I prefer sticking with the manufactures specifications to determine what primer to use. The products were designed for each other, as they compliment each other. You can find the recommend primer on the product data page of the material. Look at Sherwin Williams Sherlastic as a example. 

I can't comment on Seal Krete as I haven't used it in a long time. The reason being they are not on a manufacture specifications, although I think it is a good product. Aaron with Integrity Finishes can better answer you on Seal Krete. 

Typically if the stucco is the original color it would be raw. However sometimes it is painted at the building stage. The best way to tell if it is a raw stucco is by wetting it down.
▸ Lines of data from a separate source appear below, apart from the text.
(* Let $Q$ be a countable quandle which is semi-latin at $\hat q\in Q$, equipped with a circular order or a right order, and let $(q_i)_{i\ge1}$ be an enumeration of $Q$ with $q_1=\hat q$. Then the dynamical realization $\rho$ constructed from $(q_i)$ acts freely on $\iota(\hat q)$, i.e. for $q\ne r$ in $Q$ one has $\rho(q)(\iota(\hat q))\neq\rho(r)(\iota(\hat q))$.
   Context: Quandle: set with operation $*$ satisfying $q*q=q$, unique right division, and $(q*r)*s=(q*s)*(r*s)$. Semi-latin at $\hat q$: $r\mapsto\hat q*r$ is injective. A circular order is $c:Q^3\to\{-1,0,1\}$ vanishing exactly on triples with a repeated entry, satisfying $c(q_2,q_3,q_4)-c(q_1,q_3,q_4)+c(q_1,q_2,q_4)-c(q_1,q_2,q_3)=0$ and $c(q_1*q,q_2*q,q_3*q)=c(q_1,q_2,q_3)$. A right order is a total order with $q_1<q_2\Rightarrow q_1*q<q_2*q$. Dynamical realization (circular case): define $\iota:Q\to S^1$ by choosing distinct $\iota(q_1),\iota(q_2)$ and letting $\iota(q_n)$ be the midpoint of the unique component of $S^1\setminus\{\iota(q_1),\dots,\iota(q_{n-1})\}$ with $c(q_i,q_j,q_k)=\mathrm{ord}(\iota(q_i),\iota(q_j),\iota(q_k))$ for all $i,j,k\le n$ ($\mathrm{ord}$ the standard cyclic orientation). Right order case: $\iota:Q\to\mathbb{R}$, $\iota(q_1)$ arbitrary, $\iota(q_n)$ equal to (minimum previous value)$-1$, (maximum previous value)$+1$, or the midpoint of its immediate neighbours' values according to the position of $q_n$ among $q_1,\dots,q_{n-1}$. In both cases $\rho(q)(\iota(r))=\iota(r*q)$ on $\iota(Q)$, extended continuously to the closure and affinely on complementary intervals. *)

From Stdlib Require Import Reals ZArith.
Open Scope R_scope.

Definition is_quandle {Q : Type} (op : Q -> Q -> Q) : Prop :=
  (forall q, op q q = q) /\
  (forall q r, exists! s, op s r = q) /\
  (forall q r s, op (op q r) s = op (op q s) (op r s)).

Definition semi_latin_at {Q : Type} (op : Q -> Q -> Q) (qhat : Q) : Prop :=
  forall r s, op qhat r = op qhat s -> r = s.

Definition is_circular_order {Q : Type} (op : Q -> Q -> Q) (c : Q -> Q -> Q -> Z) : Prop :=
  (forall a b d, c a b d = (-1)%Z \/ c a b d = 0%Z \/ c a b d = 1%Z) /\
  (forall a b d, c a b d = 0%Z <-> (a = b \/ b = d \/ a = d)) /\
  (forall q1 q2 q3 q4,
      (c q2 q3 q4 - c q1 q3 q4 + c q1 q2 q4 - c q1 q2 q3)%Z = 0%Z) /\
  (forall q1 q2 q3 q, c (op q1 q) (op q2 q) (op q3 q) = c q1 q2 q3).

Definition is_right_order {Q : Type} (op : Q -> Q -> Q) (lt : Q -> Q -> Prop) : Prop :=
  (forall a, ~ lt a a) /\
  (forall a b d, lt a b -> lt b d -> lt a d) /\
  (forall a b, a <> b -> lt a b \/ lt b a) /\
  (forall a b q, lt a b -> lt (op a q) (op b q)).

(** Enumeration of Q indexed by an initial segment D of nat (D = all of nat
    when Q is infinite); index 0 plays the role of the paper's index 1. *)
Definition is_enumeration {Q : Type} (D : nat -> Prop) (e : nat -> Q) : Prop :=
  D 0%nat /\
  (forall n m, (m <= n)%nat -> D n -> D m) /\
  (forall n m, D n -> D m -> e n = e m -> n = m) /\
  (forall x, exists n, D n /\ e n = x).

(** The circle S^1 = R/Z is represented by [0,1); increasing parameter is the
    standard (counterclockwise) orientation. *)
Definition on_circle (x : R) : Prop := 0 <= x < 1.

Definition ord (a b d : R) : Z :=
  if Req_EM_T a b then 0%Z else if Req_EM_T b d then 0%Z else
  if Req_EM_T a d then 0%Z else
  if Rlt_dec a b then
    (if Rlt_dec b d then 1%Z else if Rlt_dec d a then 1%Z else (-1)%Z)
  else
    (if Rlt_dec b d then (if Rlt_dec d a then 1%Z else (-1)%Z) else (-1)%Z).

(** Midpoint of the counterclockwise open arc from a to b (a <> b) in [0,1). *)
Definition arcmid (a b : R) : R :=
  if Rlt_dec a b then (a + b) / 2
  else let m := (a + b + 1) / 2 in if Rlt_dec m 1 then m else m - 1.

Definition is_circ_realization {Q : Type} (c : Q -> Q -> Q -> Z)
    (D : nat -> Prop) (e : nat -> Q) (iota : Q -> R) : Prop :=
  (forall x, on_circle (iota x)) /\
  (D 1%nat -> iota (e 0%nat) <> iota (e 1%nat)) /\
  (forall n, (2 <= n)%nat -> D n ->
     exists i j, (i < n)%nat /\ (j < n)%nat /\ iota (e i) <> iota (e j) /\
       (* the ccw arc from iota(e i) to iota(e j) contains no earlier point:
          it is a component of S^1 minus the earlier points *)
       (forall k, (k < n)%nat -> ord (iota (e i)) (iota (e k)) (iota (e j)) <> 1%Z) /\
       iota (e n) = arcmid (iota (e i)) (iota (e j)) /\
       (forall a b d, (a <= n)%nat -> (b <= n)%nat -> (d <= n)%nat ->
          c (e a) (e b) (e d) = ord (iota (e a)) (iota (e b)) (iota (e d)))).

Definition is_right_realization {Q : Type} (lt : Q -> Q -> Prop)
    (D : nat -> Prop) (e : nat -> Q) (iota : Q -> R) : Prop :=
  forall n, (1 <= n)%nat -> D n ->
    ((forall i, (i < n)%nat -> lt (e n) (e i)) ->
       exists i, (i < n)%nat /\ (forall j, (j < n)%nat -> iota (e i) <= iota (e j)) /\
                 iota (e n) = iota (e i) - 1) /\
    ((forall i, (i < n)%nat -> lt (e i) (e n)) ->
       exists i, (i < n)%nat /\ (forall j, (j < n)%nat -> iota (e j) <= iota (e i)) /\
                 iota (e n) = iota (e i) + 1) /\
    ((exists i, (i < n)%nat /\ lt (e i) (e n)) ->
     (exists j, (j < n)%nat /\ lt (e n) (e j)) ->
       exists i j, (i < n)%nat /\ (j < n)%nat /\ lt (e i) (e n) /\ lt (e n) (e j) /\
         (forall k, (k < n)%nat ->
            ~ (lt (e i) (e k) /\ lt (e k) (e n)) /\ ~ (lt (e n) (e k) /\ lt (e k) (e j))) /\
         iota (e n) = (iota (e i) + iota (e j)) / 2).

Definition rho_on_image {Q : Type} (op : Q -> Q -> Q) (iota : Q -> R)
    (rho : Q -> R -> R) : Prop :=
  forall q r, rho q (iota r) = iota (op r q).

(* The orbit map q |-> rho q (iota qhat) equals q |-> iota (qhat * q), the composite of
   the left translation by qhat, injective since Q is semi-latin at qhat, with iota.  So
   freeness reduces to the injectivity of iota.  In the circular case iota reproduces
   the circular order on any three of the points placed so far, and c vanishes only on
   triples with a repeated entry, so two distinct points never land at the same place.
   In the right-order case each new point is put below the minimum, above the maximum,
   or at the midpoint of its immediate neighbours, so by induction along the
   enumeration iota is strictly increasing for the order, hence injective. *)

From Stdlib Require Import Reals ZArith Lia Lra Classical.
Open Scope R_scope.

Lemma enumeration_dom_le {Q : Type} (D : nat -> Prop) (e : nat -> Q) n m :
  is_enumeration D e -> D n -> (m <= n)%nat -> D m.
Proof. intros [_ [Hdown _]] Hn Hmn; exact (Hdown n m Hmn Hn). Qed.

Lemma enumeration_neq {Q : Type} (D : nat -> Prop) (e : nat -> Q) a b :
  is_enumeration D e -> D a -> D b -> a <> b -> e a <> e b.
Proof. intros [_ [_ [Hinj _]]] Ha Hb Hab E; exact (Hab (Hinj a b Ha Hb E)). Qed.

Lemma injective_of_enumeration {Q T : Type} (D : nat -> Prop) (e : nat -> Q)
    (f : Q -> T) :
  is_enumeration D e ->
  (forall a b, D a -> D b -> a <> b -> f (e a) <> f (e b)) ->
  forall x y, x <> y -> f x <> f y.
Proof.
intros [_ [_ [_ Hsurj]]] Hf x y Hxy.
destruct (Hsurj x) as [a [Ha <-]], (Hsurj y) as [b [Hb <-]].
apply Hf; auto; intros ->; exact (Hxy eq_refl).
Qed.

Lemma orbit_injective_of_semi_latin {Q : Type} (op : Q -> Q -> Q) (qhat : Q)
    (iota : Q -> R) (rho : Q -> R -> R) :
  semi_latin_at op qhat -> rho_on_image op iota rho ->
  (forall x y, x <> y -> iota x <> iota y) ->
  forall q r, q <> r -> rho q (iota qhat) <> rho r (iota qhat).
Proof.
intros Hsl Hrho Hiota q r Hqr; rewrite !Hrho.
apply Hiota; intro E; exact (Hqr (Hsl q r E)).
Qed.

Lemma ord_eq12 (x d : R) : ord x x d = 0%Z.
Proof. unfold ord; destruct (Req_EM_T x x) as [_ | Hxx]; [reflexivity | now contradiction Hxx]. Qed.

Lemma exists_third_index (a b : nat) : exists d, (d <= 2 /\ d <> a /\ d <> b)%nat.
Proof.
destruct (Nat.eq_dec a 0), (Nat.eq_dec b 0), (Nat.eq_dec a 1), (Nat.eq_dec b 1);
  solve [exists 0%nat; lia | exists 1%nat; lia | exists 2%nat; lia].
Qed.

Section CircularRealization.

Variables (Q : Type) (c : Q -> Q -> Q -> Z) (D : nat -> Prop) (e : nat -> Q)
  (iota : Q -> R).
Hypothesis c_eq0 : forall a b d, c a b d = 0%Z -> a = b \/ b = d \/ a = d.
Hypothesis Henum : is_enumeration D e.
Hypothesis Hreal : is_circ_realization c D e iota.

Lemma circ_realization_index_inj a b :
  D a -> D b -> a <> b -> iota (e a) <> iota (e b).
Proof.
intros Ha Hb Hab E.
assert (Hmax : D (max a b)) by (apply Nat.max_case; assumption).
destruct Hreal as [_ [H01 Hgen]].
destruct (le_lt_dec 2 (max a b)) as [Hge2 | Hlt2].
- destruct (Hgen _ Hge2 Hmax) as [i [j [_ [_ [_ [_ [_ Hc]]]]]]].
  destruct (exists_third_index a b) as [d [Hd2 [Hda Hdb]]].
  assert (Hd : D d) by (apply (enumeration_dom_le D e (max a b)); auto; lia).
  specialize (Hc a b d (Nat.le_max_l _ _) (Nat.le_max_r _ _) ltac:(lia)).
  rewrite E, ord_eq12 in Hc.
  destruct (c_eq0 _ _ _ Hc) as [H | [H | H]];
    refine (enumeration_neq D e _ _ Henum _ _ _ H); auto.
- assert (HD1 : D 1%nat) by (apply (enumeration_dom_le D e (max a b)); auto; lia).
  apply (H01 HD1).
  destruct a as [|[|a]], b as [|[|b]]; try lia; auto.
Qed.

End CircularRealization.

Section RightRealization.

Variables (Q : Type) (lt : Q -> Q -> Prop) (D : nat -> Prop) (e : nat -> Q)
  (iota : Q -> R).
Hypothesis lt_irrefl : forall a, ~ lt a a.
Hypothesis lt_trans : forall a b d, lt a b -> lt b d -> lt a d.
Hypothesis lt_total : forall a b, a <> b -> lt a b \/ lt b a.
Hypothesis Henum : is_enumeration D e.
Hypothesis Hreal : is_right_realization lt D e iota.

Definition iota_respects (i j : nat) : Prop :=
  lt (e i) (e j) -> iota (e i) < iota (e j).

Definition iota_monotone_upto (n : nat) : Prop :=
  forall i j, (i <= n)%nat -> (j <= n)%nat -> iota_respects i j.

Definition new_point_placed (n : nat) : Prop :=
  forall k, (k <= n)%nat -> iota_respects k (S n) /\ iota_respects (S n) k.

Lemma lt_asym a b : lt a b -> ~ lt b a.
Proof. intros Hab Hba; exact (lt_irrefl a (lt_trans _ _ _ Hab Hba)). Qed.

Lemma new_point_above_all n :
  (forall i, (i <= n)%nat -> lt (e i) (e (S n))) ->
  (exists m, (forall j, (j <= n)%nat -> iota (e j) <= iota (e m)) /\
             iota (e (S n)) = iota (e m) + 1) ->
  new_point_placed n.
Proof.
intros Hbelow [m [Hmax Heq]] k Hk; split; intro Hlt.
- pose proof (Hmax k Hk); lra.
- exfalso; exact (lt_asym _ _ (Hbelow k Hk) Hlt).
Qed.

Lemma new_point_below_all n :
  (forall i, (i <= n)%nat -> lt (e (S n)) (e i)) ->
  (exists m, (forall j, (j <= n)%nat -> iota (e m) <= iota (e j)) /\
             iota (e (S n)) = iota (e m) - 1) ->
  new_point_placed n.
Proof.
intros Habove [m [Hmin Heq]] k Hk; split; intro Hlt.
- exfalso; exact (lt_asym _ _ (Habove k Hk) Hlt).
- pose proof (Hmin k Hk); lra.
Qed.

Lemma new_point_between n a b :
  D (S n) -> iota_monotone_upto n -> (a <= n)%nat -> (b <= n)%nat ->
  lt (e a) (e (S n)) -> lt (e (S n)) (e b) ->
  (forall k, (k <= n)%nat ->
     ~ (lt (e a) (e k) /\ lt (e k) (e (S n))) /\
     ~ (lt (e (S n)) (e k) /\ lt (e k) (e b))) ->
  iota (e (S n)) = (iota (e a) + iota (e b)) / 2 ->
  new_point_placed n.
Proof.
intros HSn Hmono Ha Hb Hla Hlb Hgap Heq.
assert (Hab : iota (e a) < iota (e b)) by (apply Hmono; eauto).
assert (Hneq : forall k l, (k <= n)%nat -> (l <= n)%nat -> k <> l -> e k <> e l)
  by (intros k l Hk Hl; apply (enumeration_neq D e); auto;
      apply (enumeration_dom_le D e (S n)); auto; lia).
intros k Hk; split; intro Hlt.
- destruct (Nat.eq_dec k a) as [-> | Hka]; [lra |].
  destruct (lt_total _ _ (Hneq k a Hk Ha Hka)) as [Hka' | Hak].
  + pose proof (Hmono k a Hk Ha Hka'); lra.
  + exfalso; exact (proj1 (Hgap k Hk) (conj Hak Hlt)).
- destruct (Nat.eq_dec k b) as [-> | Hkb]; [lra |].
  destruct (lt_total _ _ (Hneq k b Hk Hb Hkb)) as [Hkb' | Hbk].
  + exfalso; exact (proj2 (Hgap k Hk) (conj Hlt Hkb')).
  + pose proof (Hmono b k Hb Hk Hbk); lra.
Qed.

Lemma new_point_placed_of_monotone n :
  D (S n) -> iota_monotone_upto n -> new_point_placed n.
Proof.
intros HSn Hmono.
destruct (Hreal (S n) ltac:(lia) HSn) as [Hmin [Hmax Hmid]].
assert (Hcmp : forall i, (i <= n)%nat -> lt (e i) (e (S n)) \/ lt (e (S n)) (e i)).
{ intros i Hi; apply lt_total, (enumeration_neq D e); auto; [| lia].
  apply (enumeration_dom_le D e (S n)); auto. }
destruct (classic (exists i, (i < S n)%nat /\ lt (e i) (e (S n)))) as [Hl | Hl];
  destruct (classic (exists j, (j < S n)%nat /\ lt (e (S n)) (e j))) as [Hg | Hg].
- destruct (Hmid Hl Hg) as [a [b [Ha [Hb [Hla [Hlb [Hgap Heq]]]]]]].
  apply (new_point_between n a b); auto; try lia.
  intros k Hk; apply Hgap; lia.
- assert (Hbelow : forall i, (i <= n)%nat -> lt (e i) (e (S n))).
  { intros i Hi; destruct (Hcmp i Hi) as [H | H]; auto.
    exfalso; apply Hg; exists i; split; [lia | exact H]. }
  apply new_point_above_all; auto.
  destruct Hmax as [m [_ [Hmaxm Heq]]]; [intros i Hi; apply Hbelow; lia |].
  exists m; split; auto; intros j Hj; apply Hmaxm; lia.
- assert (Habove : forall i, (i <= n)%nat -> lt (e (S n)) (e i)).
  { intros i Hi; destruct (Hcmp i Hi) as [H | H]; auto.
    exfalso; apply Hl; exists i; split; [lia | exact H]. }
  apply new_point_below_all; auto.
  destruct Hmin as [m [_ [Hminm Heq]]]; [intros i Hi; apply Habove; lia |].
  exists m; split; auto; intros j Hj; apply Hminm; lia.
- exfalso; destruct (Hcmp 0%nat ltac:(lia)) as [H | H];
    [apply Hl | apply Hg]; exists 0%nat; split; auto; lia.
Qed.

Lemma right_realization_monotone n : D n -> iota_monotone_upto n.
Proof.
induction n as [| n IH]; intros Hn i j Hi Hj Hlt.
- replace i with 0%nat in * by lia; replace j with 0%nat in * by lia.
  exfalso; exact (lt_irrefl _ Hlt).
- assert (Hmono : iota_monotone_upto n)
    by (apply IH, (enumeration_dom_le D e (S n)); auto).
  pose proof (new_point_placed_of_monotone n Hn Hmono) as Hnew.
  destruct (Nat.eq_dec i (S n)) as [-> | Hin], (Nat.eq_dec j (S n)) as [-> | Hjn].
  + exfalso; exact (lt_irrefl _ Hlt).
  + apply (proj2 (Hnew j ltac:(lia))), Hlt.
  + apply (proj1 (Hnew i ltac:(lia))), Hlt.
  + apply Hmono; auto; lia.
Qed.

Lemma right_realization_index_inj a b :
  D a -> D b -> a <> b -> iota (e a) <> iota (e b).
Proof.
intros Ha Hb Hab E.
assert (Hmono : iota_monotone_upto (max a b))
  by (apply right_realization_monotone, Nat.max_case; assumption).
destruct (lt_total _ _ (enumeration_neq D e a b Henum Ha Hb Hab)) as [H | H].
- pose proof (Hmono a b (Nat.le_max_l _ _) (Nat.le_max_r _ _) H); lra.
- pose proof (Hmono b a (Nat.le_max_r _ _) (Nat.le_max_l _ _) H); lra.
Qed.

End RightRealization.

Theorem proposition3p7 :
  forall (Q : Type) (op : Q -> Q -> Q) (qhat : Q)
         (D : nat -> Prop) (e : nat -> Q),
    is_quandle op ->
    semi_latin_at op qhat ->
    is_enumeration D e ->
    e 0%nat = qhat ->
    (* circular order case *)
    (forall (c : Q -> Q -> Q -> Z) (iota : Q -> R) (rho : Q -> R -> R),
        is_circular_order op c ->
        is_circ_realization c D e iota ->
        rho_on_image op iota rho ->
        forall q r, q <> r -> rho q (iota qhat) <> rho r (iota qhat)) /\
    (* right order case *)
    (forall (lt : Q -> Q -> Prop) (iota : Q -> R) (rho : Q -> R -> R),
        is_right_order op lt ->
        is_right_realization lt D e iota ->
        rho_on_image op iota rho ->
        forall q r, q <> r -> rho q (iota qhat) <> rho r (iota qhat)).
Proof.
intros Q op qhat D e _ Hsl Henum _; split.
- intros c iota rho [_ [Hc0 _]] Hreal Hrho.
  apply (orbit_injective_of_semi_latin op qhat iota rho Hsl Hrho).
  apply (injective_of_enumeration D e iota Henum).
  apply (circ_realization_index_inj Q c D e iota); auto.
  intros a b d; apply Hc0.
- intros lt iota rho [Hirr [Htr [Htot _]]] Hreal Hrho.
  apply (orbit_injective_of_semi_latin op qhat iota rho Hsl Hrho).
  apply (injective_of_enumeration D e iota Henum).
  exact (right_realization_index_inj Q lt D e iota Hirr Htr Htot Henum Hreal).
Qed.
If it is raw stucco the color will darken, as it absorbs the water. If it is painted, the water will not absorb, and just slide down the wall, without the color changing.


----------



## Sully

Ole34 said:


> sully is that house on Dupont St in Manayunk ??? .........sure looks like it


Maiden street in manayunk close it's a tight squeeze alley way


----------



## Ole34

Sully said:


> Maiden street in manayunk close it's a tight squeeze alley way


 
i lived in Manayunk for close to 30yrs..........heres a pic of a few condos i did (did about 30 total in that development) 1 coat MAB Acra-lastic 1400 ''Logia'' ...NO primer an NO powerwash..... heavy stucco so that paint isnt goin anywhere an its by far the best covering paint i have ever used in my life (brush/roller) you see those dark areas on the chimney?? GONE in 1 coat an thats after i cut it with about 3/4 gallon per 5. took me an another guy 2 days just to do the stucco front an back 


hey if you want i can take you over there an you can see for yourself so you know what the product can do first hand ........


----------



## ewingpainting.net

Ole34 said:


> i lived in Manayunk for close to 30yrs..........heres a pic of a few condos i did (did about 30 total in that development) 1 coat MAB Acra-lastic 1400 ''Logia'' ...NO primer an NO powerwash..... heavy stucco so that paint isnt goin anywhere an its by far the best covering paint i have ever used in my life (brush/roller) you see those dark areas on the chimney?? GONE in 1 coat an thats after i cut it with about 3/4 gallon per 5. took me an another guy 2 days just to do the stucco front an back


We do not have MAB here in California that I know of. 
Do you have finish pics? 

I just looked at the specs of MAB Acra-lastic 1400 looks very similar to loxon, only loxon has a higher perm rating with a lower elongation. Loxon XP spec say you can apply directly over stucco as well, even less than 28 day stucco cure. And like the Acra-Lastic, Loxon requires 2 coats on raw stucco. I've used alot of Loxon on raw stucco, it most defiantly is a superior product.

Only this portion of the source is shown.